▶ **Recorded data**:

**********

(* In the setting below, let $W=\ker Q=\{z\in Z: Q(z)=0\}$ and assume that $Z^*$ is the complemented (topological direct) sum of $Y$ and $Q^*(X^* )$. Then $Y$ is isomorphic to $W^*$.
   Context: Setting: $X$ is a separable Banach space, $(x_n)$ a sequence in $S_X$ with $\{\pm x_n\}$ dense in $S_X$; $U$ is a Banach space with a normalized $1$-unconditional boundedly complete basis $(u_n)$. For finite $I,J\subseteq\mathbb N$, $I<J$ means $\max I<\min J$. $Z$ is the completion of $c_{00}$ (unit vectors $(e_i)$) under $\|a\|_Z=\max\{\|\sum_{j=1}^k\|\sum_{i\in I_j}a_ix_i\|_Xu_{\min I_j}\|_U: k\in\mathbb N,\ I_1<\dots<I_k\text{ intervals}\}$. $(e_j^* )$ are the coordinate functionals of the basis $(e_j)$ of $Z$, $Y=\overline{\mathrm{span}}\{e_j^*\}\subseteq Z^*$. $Q:Z\to X$ is the quotient map $Q(\sum a_je_j)=\sum a_jx_j$, and $Q^*:X^*\to Z^*$ its adjoint. *)

From HB Require Import structures.
From mathcomp Require Import all_boot all_order all_algebra.
From mathcomp Require Import all_classical all_reals all_analysis.
Set Implicit Arguments. Unset Strict Implicit. Unset Printing Implicit Defensive.
Import Order.TTheory GRing.Theory Num.Theory.
Import numFieldNormedType.Exports.
Local Open Scope classical_set_scope.
Local Open Scope ring_scope.

Section Defs.
Variable R : realType.

Definition psum (V : normedModType R) (a : nat -> R) (v : nat -> V) (n : nat) : V :=
  \sum_(i < n) a i *: v i.
End AddInterval.

Theorem mainTheorem8 (R : realType) (n : nat) (x : nat -> R)
  (hx : forall i, (i < n)%N -> (x i <= x i.+1)%R)
  (lev : nat -> nat)
  (hlev : forall j, (j <= n)%N ->
     lev j = \max_(i < n.+1 | (x i + 1 < x j)%R) (lev i).+1)
  (D D' : seq bool) (hD : dyck n D) (hD' : dyck n.+1 D')
  (hU : rel_iso n (Prel (area D)) (fun i j => (x i + 1 < x j)%R))
  (hU' : rel_iso n.+1 (Prel (area D')) (fun i j => (x i + 1 < x j)%R)) :
  let l := lev n in
  (exists2 k, (k <= n)%N & area D' = insert_at k l (area D)) /\
  forall k, (k <= n)%N -> area D' = insert_at k l (area D) ->
    let r := (count_mem l (area D) +
              count (fun a => a.+1 == l) (drop k.+1 (area D')))%N in
    [/\ (r <= n)%N, passes_through (zeta n D) (n - r) n &
        zeta n.+1 D' = add_final_peak n (zeta n D) (n - r)].
Proof.
move=> l.
have [_ _ hw sw] := dyck_area hD; have [_ _ hw' sw'] := dyck_area hD'.
case: (hU') => f [fb hf].
have [e he] : exists e, f e = ord_max by case: fb => g _ Kg; exists (g ord_max).
have hins : area D' = insert_at e l (area D).
  exact (area_insert_top hx hlev hw' sw' fb hf he hw sw hU).
have he_size : (e <= size (area D))%N by rewrite sw -ltnS.
split; first by exists e; rewrite // -ltnS.
move=> k hk hkw r.
have hfree : ascent_free l (drop k (area D)).
  apply: (ascent_free_insert_at (etrans (esym hkw) hins)) => //; first by rewrite sw.
  rewrite -(drop_insert_at l he_size) -hins.
  exact (ascent_free_after_top hx hlev hw' sw' fb hf he).
have := all_area_le_top hx hlev hw' sw' fb hf; rewrite hins all_insert_at => /andP[_ hle].
rewrite (zeta_dyck hD) (zeta_dyck hD') /r hkw drop_insert_at ?sw //.
apply: zeta_area_insert_final_peak => //; exact (top_level_le hlev hw' fb hf he).
Qed.
Lemma mixed_discriminant_defect_subset (A : tuple) (S : {set 'I_n}) : all_psd A ->
  \sum_(f : {ffun 'I_n -> 'I_n} | f @: setT \subset S) defect A f = 0.
Proof.
move=> A_psd; pose lam k := ((k \in S)%:R : R).
have indicator (f : {ffun 'I_n -> 'I_n}) :
    \prod_j lam (f j) = (f @: setT \subset S)%:R.
  rewrite sub_imset_pre.
  case: (boolP (setT \subset _)) => [/subsetP im_sub | /subsetPn[j _ fj_notin]].
    by apply: big1 => j _; have := im_sub j (in_setT j); rewrite inE /lam => ->.
  by rewrite (bigD1 j) //= /lam; rewrite inE in fj_notin; rewrite (negbTE fj_notin) mul0r.
rewrite big_mkcond /=.
transitivity (\sum_(f : {ffun 'I_n -> 'I_n}) (\prod_j lam (f j)) * defect A f).
  by apply: eq_bigr => f _; rewrite indicator; case: ifP; rewrite ?mul1r ?mul0r.
under eq_bigr do rewrite mulrBr.
by rewrite sumrB -det_sumZ_expand (D_mixed.2 _ A lam A_psd) ?subrr // => k; apply: ler0n.
Qed.

(* inclusion-exclusion over the image of [f], by strong induction on [#|S|] *)
Lemma mixed_discriminant_defect_im (A : tuple) (S : {set 'I_n}) : all_psd A ->
  \sum_(f : {ffun 'I_n -> 'I_n} | f @: setT == S) defect A f = 0.
Proof.
move=> A_psd; elim: {S}_.+1 {-2}S (ltnSn #|S|) => // k IHk S lt_S_k.
have im_sub (U : {set 'I_n}) : U \subset S ->
    (fun f : {ffun 'I_n -> 'I_n} => (f @: setT \subset S) && (f @: setT == U)) =1
    (fun f : {ffun 'I_n -> 'I_n} => f @: setT == U).
  by move=> sub_US f /=; case: (eqVneq (f @: setT) U) => [->|]; rewrite ?sub_US ?andbF.
have := mixed_discriminant_defect_subset S A_psd.
rewrite (partition_big (fun f : {ffun 'I_n -> 'I_n} => f @: setT) 
  (fun U => U \subset S)) //=.
rewrite (bigD1 S) //= [X in _ + X]big1 ?addr0 => [defect_S|U /andP[sub_US neq_US]].
  by apply: etrans defect_S; apply: eq_bigl => f; rewrite im_sub.
transitivity (\sum_(f : {ffun 'I_n -> 'I_n} | f @: setT == U) defect A f).
  by apply: eq_bigl => f; rewrite im_sub.
apply: IHk.
have : (#|U| < #|S|)%N by rewrite proper_card // properEneq neq_US.
by move: lt_S_k; clear; lia.
Qed.

Lemma mixed_discriminantE (A : tuple) : all_psd A ->
  D A = (\sum_(f : {ffun 'I_n -> 'I_n} | injectiveb f) \det (pick_rows A f)) / n`!%:R.
Proof.
move=> A_psd; apply/(canRL (mulfK _)); first by rewrite pnatr_eq0 -lt0n fact_gt0.
have -> : \sum_(f : {ffun 'I_n -> 'I_n} | injectiveb f) \det (pick_rows A f) =
          \sum_(f : {ffun 'I_n -> 'I_n} | injectiveb f) D [ffun j => A (f j)].
  apply/eqP; rewrite -subr_eq0 -sumrB; under eq_bigl do rewrite injectiveb_im_ffun.
  exact/eqP/mixed_discriminant_defect_im.
rewrite (eq_bigr (fun _ => D A)) => [|f /injectiveP f_inj].
  by rewrite -big_set sumr_const card_inj_ffuns card_ord ffactnn mulr_natr.
have -> : [ffun j => A (f j)] = [ffun j => A (perm f_inj j)].
  by apply/ffunP => j; rewrite !ffunE permE.
exact: D_mixed.1.
Qed.

Lemma mixed_discriminant_multiadditive : multiadditive D.
Proof.
move=> A i B B' A_psd B_psd B'_psd.
rewrite !mixed_discriminantE; try by apply: all_psd_upd => //; apply: psdD.
rewrite -mulrDl -big_split /=.
by congr (_ / _); apply: eq_bigr => f; apply: det_pick_rows_upd_add.
Qed.

Lemma mixed_discriminant_rank1_rows (X : 'M[R]_n) :
  D (rank1_rows X) = \det X ^+ 2 / n`!%:R.
Proof.
by rewrite mixed_discriminantE ?sum_det_pick_rows_rank1 //; apply: all_psd_rank1_rows.
Qed.

End Formula.
End MixedDiscriminant.

Section BoundedByMixedDiscriminant.
Variables (R : realType) (n : nat) (D F : {ffun 'I_n -> 'M[R]_n} -> R) (c : R).
Hypotheses (D_mixed : is_mixed_discriminant D) (F_add : multiadditive F).
Hypothesis F_ge0 : forall A, all_psd A -> 0 <= F A.
Hypothesis F_le : forall A, all_psd A -> F A <= c * D A.

Lemma F_rank1_rows_det0 (X : 'M[R]_n) : \det X = 0 -> F (rank1_rows X) = 0.
Proof.
move=> detX0; apply/le_anti/andP; split; last exact/F_ge0/all_psd_rank1_rows.
have := F_le (all_psd_rank1_rows X).
by rewrite (mixed_discriminant_rank1_rows D_mixed) detX0 expr0n mul0r mulr0.
Qed.

Lemma F_rank1_rows_set_row (X : 'M[R]_n) i y :
  F (rank1_rows (set_row X i y)) * \det X ^+ 2 =
  F (rank1_rows X) * \det (set_row X i y) ^+ 2.
Proof.
have X_psd := all_psd_rank1_rows X.
have r1 (v : 'rV[R]_n) : psd (rank1 v) := psd_rank1 v.
rewrite -{2 3}[X](set_row_id X i).
apply: (quadratic_ker_proportional (q := fun y => F (rank1_rows (set_row X i y)))
                                   (l := fun y => \det (set_row X i y)))
  => [v | u h | t v | t a b | v /F_rank1_rows_det0 //].
- exact/F_ge0/all_psd_rank1_rows.
- rewrite !rank1_rows_set_row -(F_add i X_psd (r1 _) (r1 _)) rank1_parallelogram.
  rewrite (F_add i X_psd (psdD (r1 _) (r1 _)) (psdD (r1 _) (r1 _))).
  rewrite !(F_add i X_psd (r1 _) (r1 _)); lra.
- by rewrite !rank1_rows_set_row rank1Z multiadditive_homo // sqr_ge0.
- exact: det_set_row_linear.
Qed.

Lemma F_rank1_rows (X : 'M[R]_n) : F (rank1_rows X) = F (rank1_rows 1%:M) * \det X ^+ 2.
Proof.
have [detX0 | detX_neq0] := eqVneq (\det X) 0.
  by rewrite F_rank1_rows_det0 // detX0 expr0n mulr0.
have ratio_row Y i v : \det Y != 0 -> \det (set_row Y i v) != 0 ->
    F (rank1_rows (set_row Y i v)) / \det (set_row Y i v) ^+ 2 =
    F (rank1_rows Y) / \det Y ^+ 2.
  move=> detY detYv; apply: (canLR (mulfK _)); first by rewrite expf_neq0.
  by rewrite mulrAC -F_rank1_rows_set_row mulfK // expf_neq0.
have det1_neq0 : \det (1%:M : 'M[R]_n) != 0 by rewrite det1 oner_neq0.
have := invertible_row_invariant_const ratio_row detX_neq0 det1_neq0.
by rewrite det1 expr1n divr1 => <-; rewrite divfK // expf_neq0.
Qed.

End BoundedByMixedDiscriminant.

Theorem corollary3 (R : realType) (n : nat) (D F : {ffun 'I_n -> 'M[R]_n} -> R) :
  (1 <= n)%N ->
  is_mixed_discriminant D ->
  (forall A, all_psd A -> 0 <= F A) ->
  multiadditive F ->
  (exists c : R, forall A, all_psd A -> F A <= c * D A) ->
  exists a : R, forall A, all_psd A -> F A = a * D A.
Proof.
move=> _ D_mixed F_ge0 F_add [c F_le].
exists (F (rank1_rows 1%:M) * n`!%:R).
apply: multiadditive_eq_rank1_rows => // [A i B B' A_psd B_psd B'_psd | X].
  by rewrite mixed_discriminant_multiadditive // mulrDr.
rewrite (F_rank1_rows D_mixed F_add F_ge0 F_le) (mixed_discriminant_rank1_rows D_mixed).
by field; rewrite pnatr_eq0 -lt0n fact_gt0.
Qed.
(* Max A for a finite-dimensional algebra A: all subspaces are closed, the   *)
(* closure of a sum is the sum, and the product is the span of products,     *)
(* i.e. MathComp's (U * V)%VS.                                               *)

Set Implicit Arguments.
Unset Strict Implicit.
Unset Printing Implicit Defensive.

Definition MaxQ (K : fieldType) (A : falgType K) : qstruct :=
  QStruct {vspace A} (fun U V => (U <= V)%VS) (fun U V => (U * V)%VS).

Definition Maxmap (K : fieldType) (A B : falgType K) (f : 'Hom(A, B))
    (U : {vspace A}) : {vspace B} := (f @: U)%VS.

Definition is_ideal (K : fieldType) (A : falgType K) (I : {vspace A}) : bool :=
  ((fullv * I <= I) && (I * fullv <= I))%VS.

Lemma is_ideal_mul (K : fieldType) (A : falgType K) (I J : {vspace A}) :
  is_ideal I -> is_ideal J -> is_ideal (I * J)%VS.
Proof.
move=> /andP[I1 I2] /andP[J1 J2]; apply/andP; split.
  by rewrite prodvA; apply: prodvSl.
by rewrite -prodvA; apply: prodvSr.
Qed.

Lemma is_ideal_sigma (K : fieldType) (A : falgType K) (M : {vspace A}) :
  is_ideal (fullv * M * fullv)%VS.
Proof.
apply/andP; split.
  by rewrite !prodvA; do 2 apply: prodvSl; exact: subvf.
by rewrite -!prodvA; do 2 apply: prodvSr; exact: subvf.
Qed.

Definition idealT (K : fieldType) (A : falgType K) :=
  {I : {vspace A} | is_ideal I}.

Definition idealT_mul (K : fieldType) (A : falgType K) (I J : idealT A) : idealT A :=
  exist _ (proj1_sig I * proj1_sig J)%VS
    (is_ideal_mul (proj2_sig I) (proj2_sig J)).

Definition TQ (K : fieldType) (A : falgType K) : qstruct :=
  QStruct (idealT A) (fun I J => (proj1_sig I <= proj1_sig J)%VS) (@idealT_mul K A).

(* sigma : Max A -> T(A), M |-> 1 . M . 1 (1 = top of Max A = A) *)
Definition sigmaT (K : fieldType) (A : falgType K) (M : {vspace A}) : idealT A :=
  exist _ (fullv * M * fullv)%VS (is_ideal_sigma M).

Definition Cx := complex Rdefinitions.R.

HB.instance Definition _ := GRing.Lalgebra_isComAlgebra.Build Cx (Cx^o * Cx^o)%type.
HB.instance Definition _ := Algebra_isFalgebra.Build Cx (Cx^o * Cx^o)%type.

Definition C2 : falgType (Cx : fieldType) := (Cx^o * Cx^o)%type.
Definition M2 : falgType (Cx : fieldType) := 'M[Cx]_2.

Definition fdiag_fun (x : C2) : M2 :=
  \matrix_(i < 2, j < 2)
    (if i == j then (if i == 0 :> nat then (x.1 : Cx) else (x.2 : Cx)) else 0).

Definition fdiag : 'Hom(C2, M2) := linfun fdiag_fun.

From HB Require Import structures.
From mathcomp Require Import all_boot all_algebra all_field complex Rstruct.
Import GRing.Theory.
Local Open Scope ring_scope.

(* In a cocone (Q, q1, q2) over the span, q1 <[f v]> = q2 (sigma <[v]>) lies
   below q2 (sigma 1) = q1 1 for every v in C^2.  A diagonal matrix unit
   e = E_ii factors as e = a e b with a b = 0, so
   q1 <[e]> = q1 <[a]> q1 <[e]> q1 <[b]> <= q1 <[a]> q1 1 q1 <[b]> = q1 <[a b]> = q1 0.
   Since E_11 + E_22 = 1, also q1 1 <= q1 0, which makes q1 and q2 constant at
   the bottom q1 0.  So every cocone factors uniquely through the one-point
   quantale, and a pushout P is a single point: the identity of P and the
   constant endomorphism both factor its own cocone. *)

Lemma is_lub_pair {P : qstruct} {x y : P} :
  qle P y y -> qle P x y -> is_lub P (fun z => z = x \/ z = y) y.
Proof. by move=> yy xy; split=> [z [->|->] //|z ub]; apply: ub; right. Qed.

Lemma lub0_le {P : qstruct} (z w : P) : is_lub P (fun _ => False) z -> qle P z w.
Proof. by case=> _; apply. Qed.

Section QuantaleOrder.
Variable Q : qstruct.
Hypothesis hQ : is_quantale Q.

Lemma qle_refl x : qle Q x x.
Proof. by case: hQ. Qed.

Lemma qle_trans y x z : qle Q x y -> qle Q y z -> qle Q x z.
Proof. by case: hQ => _ [+ _]; apply. Qed.

Lemma qle_anti x y : qle Q x y -> qle Q y x -> x = y.
Proof. by case: hQ => _ [_ [+ _]]; apply. Qed.

Lemma qmul_monor a x y : qle Q x y -> qle Q (qmul Q a x) (qmul Q a y).
Proof.
move=> xy; case: hQ => _ [_ [_ [_ [_ [distr _]]]]].
have [ub _] := distr a _ _ (is_lub_pair (qle_refl y) xy).
by apply: ub; exists x; split=> //; left.
Qed.

Lemma qmul_monol a x y : qle Q x y -> qle Q (qmul Q x a) (qmul Q y a).
Proof.
move=> xy; case: hQ => _ [_ [_ [_ [_ [_ distl]]]]].
have [ub _] := distl a _ _ (is_lub_pair (qle_refl y) xy).
by apply: ub; exists x; split=> //; left.
Qed.

End QuantaleOrder.
Arguments qle_trans {Q} hQ y {x z}.
Arguments qle_anti {Q} hQ {x y}.
Arguments qmul_monor {Q} hQ a {x y}.
Arguments qmul_monol {Q} hQ a {x y}.

Section QuantaleHom.
Variables (P Q : qstruct) (h : P -> Q).

Lemma qhomM : is_qhom P Q h -> forall x y, h (qmul P x y) = qmul Q (h x) (h y).
Proof. by case. Qed.

Lemma qhom_lub0 x :
  is_qhom P Q h -> is_lub P (fun _ => False) x -> is_lub Q (fun _ => False) (h x).
Proof.
move=> [hlub _] /hlub [_ least]; split=> // w _.
by apply: least => y [s []].
Qed.

Lemma qhom_mono : is_qhom P Q h -> (forall x, qle P x x) ->
  forall x y, qle P x y -> qle Q (h x) (h y).
Proof.
move=> [hlub _] refl x y xy.
have [ub _] := hlub _ _ (is_lub_pair (refl y) xy).
by apply: ub; exists x; split=> //; left.
Qed.

End QuantaleHom.
Arguments qhomM {P Q h}.
Arguments qhom_lub0 {P Q h x}.
Arguments qhom_mono {P Q h}.

Lemma id_qhom (P : qstruct) : is_qhom P P id.
Proof.
split=> // S x [ub least]; split=> [z [y [Sy ->]]|w ubw]; first exact: ub.
by apply: least => y Sy; apply: ubw; exists y.
Qed.

Lemma const_qhom (P Q : qstruct) (z : Q) :
  is_lub Q (fun _ => False) z -> qmul Q z z = z -> is_qhom P Q (fun _ => z).
Proof.
move=> zbot zz; split=> // S x _.
by split=> [y [s [_ ->]]|w _]; apply: lub0_le zbot.
Qed.

Lemma unitQ_quantale : is_quantale unitQ.
Proof. by do !split=> //; [case=> -[] | move=> S; exists tt]. Qed.

Section CollapsingSpan.
Variables (A B C : qstruct) (f : A -> B) (g : A -> C) (b0 : B).

Definition span_collapses_to : Prop :=
  forall (Q : qstruct) (q1 : B -> Q) (q2 : C -> Q),
    is_quantale Q -> is_qhom B Q q1 -> is_qhom C Q q2 ->
    (forall a, q1 (f a) = q2 (g a)) ->
    (forall b, q1 b = q1 b0) /\ (forall c, q2 c = q1 b0).

Hypothesis b0_bot : is_lub B (fun _ => False) b0.
Hypothesis collapse : span_collapses_to.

**********

▶ **WHAT YOU SHOULD DO**: The lines holding the word "Strict" are the answer. Find them in the entries and copy them.

▶ **TASK OUTPUT**:
Set Implicit Arguments. Unset Strict Implicit. Unset Printing Implicit Defensive.
Unset Strict Implicit.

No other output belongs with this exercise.